Task item =
From the line containing "rewrite mulrA -rmorphM" down to the last line of the records below, restate each line word for word and leave out the rest.

══ Recorded information

Lemma trmx_gram_proj (K : comUnitRingType) m n (A : 'M[K]_(m, n)) :
  (A^T *m (invmx (A *m A^T) *m A))^T = A^T *m (invmx (A *m A^T) *m A).
Proof. by rewrite !trmx_mul trmxK trmx_inv trmx_mul trmxK mulmxA. Qed.

(* A left null vector [v] of [H - z] gives [z <v, v> = <v H, v> = <v, v H> = z^* <v, v>]. *)
Lemma sym_sub_nonreal_unitmx (R : realType) n (H : 'M[R]_n) (z : R[i]) :
  H^T = H -> 0 < complex.Im z -> mxC H - z%:M \in unitmx.
Proof.
move=> H_sym Imz_gt0; apply: contraT; rewrite unitmxE unitfE negbK => /det0P[v v_neq0].
rewrite mulmxBr mul_mx_scalar => /eqP; rewrite subr_eq0 => /eqP vH.
pose vv := (v *m map_mx conjc v^T) 0 0.
have HC : map_mx conjc (mxC H)^T = mxC H.
  by apply/matrixP => a b; rewrite !mxE conjc_real -[in RHS]H_sym mxE.
have vv_neq0 : vv != 0 by rewrite /vv -dotmxE lt0r_neq0 ?dotmx_is_dotmx.
have : z * vv = conjc z * vv.
  transitivity ((v *m mxC H *m map_mx conjc v^T) 0 0).
    by rewrite vH -scalemxAl mxE.
  by rewrite -mulmxA -{1}HC -map_mxM -trmx_mul vH linearZ /= map_mxZ -scalemxAr mxE.
move/(mulIf vv_neq0); clear vH; case: z Imz_gt0 => a b /= b_gt0 [] /eqP.
by rewrite -subr_eq0 opprK -mulr2n mulrn_eq0 /= gt_eqF.
Qed.

Section DerivableAlongLine.
Variables (R : realType) (p q n : nat).
Variables (Lam : 'M[R]_(p, q)) (Gam : 'M[R]_p) (What : 'M[R]_(p, n)).
Variables (t : R) (z : R[i]) (Y Yh D : 'M[R]_(q, n)).
Hypothesis hX : Xt Lam Gam What t Y Yh *m (Xt Lam Gam What t Y Yh)^T \in unitmx.
Hypothesis hY : Yt t Y Yh *m (Yt t Y Yh)^T \in unitmx.
Hypothesis hz : 0 < complex.Im z.

Local Notation Dmx := (entrywise (fun f : R -> R => derivable f 0 1)).
Local Notation CDmx := (entrywise (cderivable 0)).
Let Dclosed := derivable_local_field_closed (0 : R).
Let CDclosed := cderivable_local_field_closed (0 : R).

Lemma derivable_Yt : Dmx (fun s => Yt t (Y + s *: D) Yh).
Proof.
apply: (entrywise_add Dclosed); last exact: (entrywise_cst Dclosed).
by apply: (entrywise_scale Dclosed); apply: entrywise_derivable_line.
Qed.

Lemma derivable_Xt : Dmx (fun s => Xt Lam Gam What t (Y + s *: D) Yh).
Proof.
apply: (entrywise_add Dclosed); last exact: (entrywise_cst Dclosed).
by apply: (entrywise_mul Dclosed); [apply: (entrywise_cst Dclosed) | apply: derivable_Yt].
Qed.

Lemma derivable_Qt : Dmx (fun s => Qt Lam Gam What t (Y + s *: D) Yh).
Proof.
apply: (entrywise_mul Dclosed); last exact: derivable_Xt.
apply: (entrywise_inv Dclosed); last by rewrite scale0r addr0.
exact: (entrywise_mul Dclosed derivable_Xt (entrywise_tr derivable_Xt)).
Qed.

Lemma derivable_Ut : Dmx (fun s => Ut t (Y + s *: D) Yh).
Proof.
apply: (entrywise_mul Dclosed); last exact: derivable_Yt.
apply: (entrywise_inv Dclosed); last by rewrite scale0r addr0.
exact: (entrywise_mul Dclosed derivable_Yt (entrywise_tr derivable_Yt)).
Qed.

Lemma derivable_Px : Dmx (fun s => Px Lam Gam What t (Y + s *: D) Yh).
Proof.
exact: (entrywise_mul Dclosed (entrywise_tr derivable_Xt) derivable_Qt).
Qed.

Lemma derivable_Py : Dmx (fun s => Py t (Y + s *: D) Yh).
Proof.
exact: (entrywise_mul Dclosed (entrywise_tr derivable_Yt) derivable_Ut).
Qed.

Lemma cderivable_Gt : CDmx (fun s => Gt Lam Gam What t z (Y + s *: D) Yh).
Proof.
apply: (entrywise_inv CDclosed).
  apply: (entrywise_sub CDclosed); last exact: (entrywise_cst CDclosed).
  apply: entrywise_cderivable_mxC.
  by apply: (entrywise_add Dclosed); [apply: derivable_Px | apply: derivable_Py].
rewrite scale0r addr0; apply: sym_sub_nonreal_unitmx hz.
by rewrite /Ht /Px /Py /Qt /Ut linearD /= !trmx_gram_proj.
Qed.

Lemma cderivable_Psi1 j i :
  cderivable 0 (fun s => Psi1 Lam Gam What t z (Y + s *: D) Yh j i).
Proof.
apply: (entrywise_mul CDclosed); first apply: (entrywise_mul CDclosed).
- apply: entrywise_cderivable_mxC.
  by apply: (entrywise_mul Dclosed); [apply: (entrywise_cst Dclosed) | apply: derivable_Qt].
- by apply: (entrywise_mul CDclosed); apply: cderivable_Gt.
apply: entrywise_cderivable_mxC.
by apply: (entrywise_sub Dclosed); [apply: (entrywise_cst Dclosed) | apply: derivable_Px].
Qed.

Lemma cderivable_Psi2 j i :
  cderivable 0 (fun s => Psi2 Lam Gam What t z (Y + s *: D) Yh j i).
Proof.
apply: (entrywise_mul CDclosed); first apply: (entrywise_mul CDclosed).
- by apply: entrywise_cderivable_mxC; apply: derivable_Ut.
- by apply: (entrywise_mul CDclosed); apply: cderivable_Gt.
apply: entrywise_cderivable_mxC.
by apply: (entrywise_sub Dclosed); [apply: (entrywise_cst Dclosed) | apply: derivable_Py].
Qed.

End DerivableAlongLine.

Section DependenceThroughYt.
Variables (R : realType) (p q n : nat).
Variables (Lam : 'M[R]_(p, q)) (Gam : 'M[R]_p) (What : 'M[R]_(p, n)) (t : R) (z : R[i]).
Variables (A B A' B' : 'M[R]_(q, n)).
Hypothesis eqYt : Yt t A B = Yt t A' B'.

Lemma Psi1_Yt j i : Psi1 Lam Gam What t z A B j i = Psi1 Lam Gam What t z A' B' j i.
Proof. by rewrite /Psi1 /Gt /Ht /Px /Py /Qt /Ut /Xt eqYt. Qed.

Lemma Psi2_Yt j i : Psi2 Lam Gam What t z A B j i = Psi2 Lam Gam What t z A' B' j i.
Proof. by rewrite /Psi2 /Gt /Ht /Px /Py /Qt /Ut /Xt eqYt. Qed.

End DependenceThroughYt.

Lemma Yt_shift_Yh (R : realType) q n (t : R) (Y Yh D : 'M[R]_(q, n)) (s : R) :
  0 < t ->
  Yt t Y (Yh + s *: D) = Yt t (Y + (Num.sqrt (1 - t) / Num.sqrt t * s) *: D) Yh.
Proof.
move=> t_gt0; rewrite /Yt !scalerDr !scalerA mulrA mulrCA mulfV ?mulr1.
  by rewrite addrAC -addrA.
by rewrite gt_eqF // sqrtr_gt0.
Qed.

Unset Implicit Arguments.

Theorem lemma6p4 (R : realType) (p q n : nat)
  (hp : (0 < p)%N) (hq : (0 < q)%N) (hn : (0 < n)%N)
  (Lam : 'M[R]_(p, q)) (Gam : 'M[R]_p)
  (hGam : Gam *m Gam^T = 1%:M - Lam *m Lam^T)
  (Y Yh : 'M[R]_(q, n)) (What : 'M[R]_(p, n))
  (t : R) (ht : 0 < t < 1)
  (hX : Xt Lam Gam What t Y Yh *m (Xt Lam Gam What t Y Yh)^T \in unitmx)
  (hY : Yt t Y Yh *m (Yt t Y Yh)^T \in unitmx)
  (z : R[i]) (hz : 0 < complex.Im z)
  (j : 'I_q) (i : 'I_n) :
  (forall Psi : 'M[R]_(q, n) -> 'M[R]_(q, n) -> R[i],
     Psi = (fun A B => Psi1 Lam Gam What t z A B j i) \/
     Psi = (fun A B => Psi2 Lam Gam What t z A B j i) ->
   exists dYh dY : R[i],
     has_cderiv (fun s : R => Psi Y (Yh + s *: delta_mx j i)) 0 dYh /\
     has_cderiv (fun s : R => Psi (Y + s *: delta_mx j i) Yh) 0 dY /\
     ((Num.sqrt (1 - t))^-1)%:C%C * dYh = ((Num.sqrt t)^-1)%:C%C * dY).
Proof.
move=> Psi Psi_def; case/andP: ht => t_gt0 t_lt1.
set E := delta_mx j i; set c := Num.sqrt (1 - t) / Num.sqrt t.
have Psi_shift s : Psi Y (Yh + s *: E) = Psi (Y + (c * s) *: E) Yh.
  by case: Psi_def => ->; [apply: Psi1_Yt | apply: Psi2_Yt]; apply: Yt_shift_Yh.
have [dY dY_def] : exists d, has_cderiv (fun s => Psi (Y + s *: E) Yh) 0 d.
  apply: cderivable_has_cderiv; case: Psi_def => ->.
    exact: cderivable_Psi1 E hX hY hz j i.
  exact: cderivable_Psi2 E hX hY hz j i.
exists (c%:C%C * dY), dY; split; last split => //.
  rewrite (funext Psi_shift).
  by apply: (@has_cderiv_scale_arg _ (fun u => Psi (Y + u *: E) Yh)); rewrite mulr0.
rewrite mulrA -rmorphM /c mulrA mulVf ?mul1r //.
by rewrite gt_eqF // sqrtr_gt0 subr_gt0.
Qed.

════

Result =
rewrite mulrA -rmorphM /c mulrA mulVf ?mul1r //.
by rewrite gt_eqF // sqrtr_gt0 subr_gt0.
Qed.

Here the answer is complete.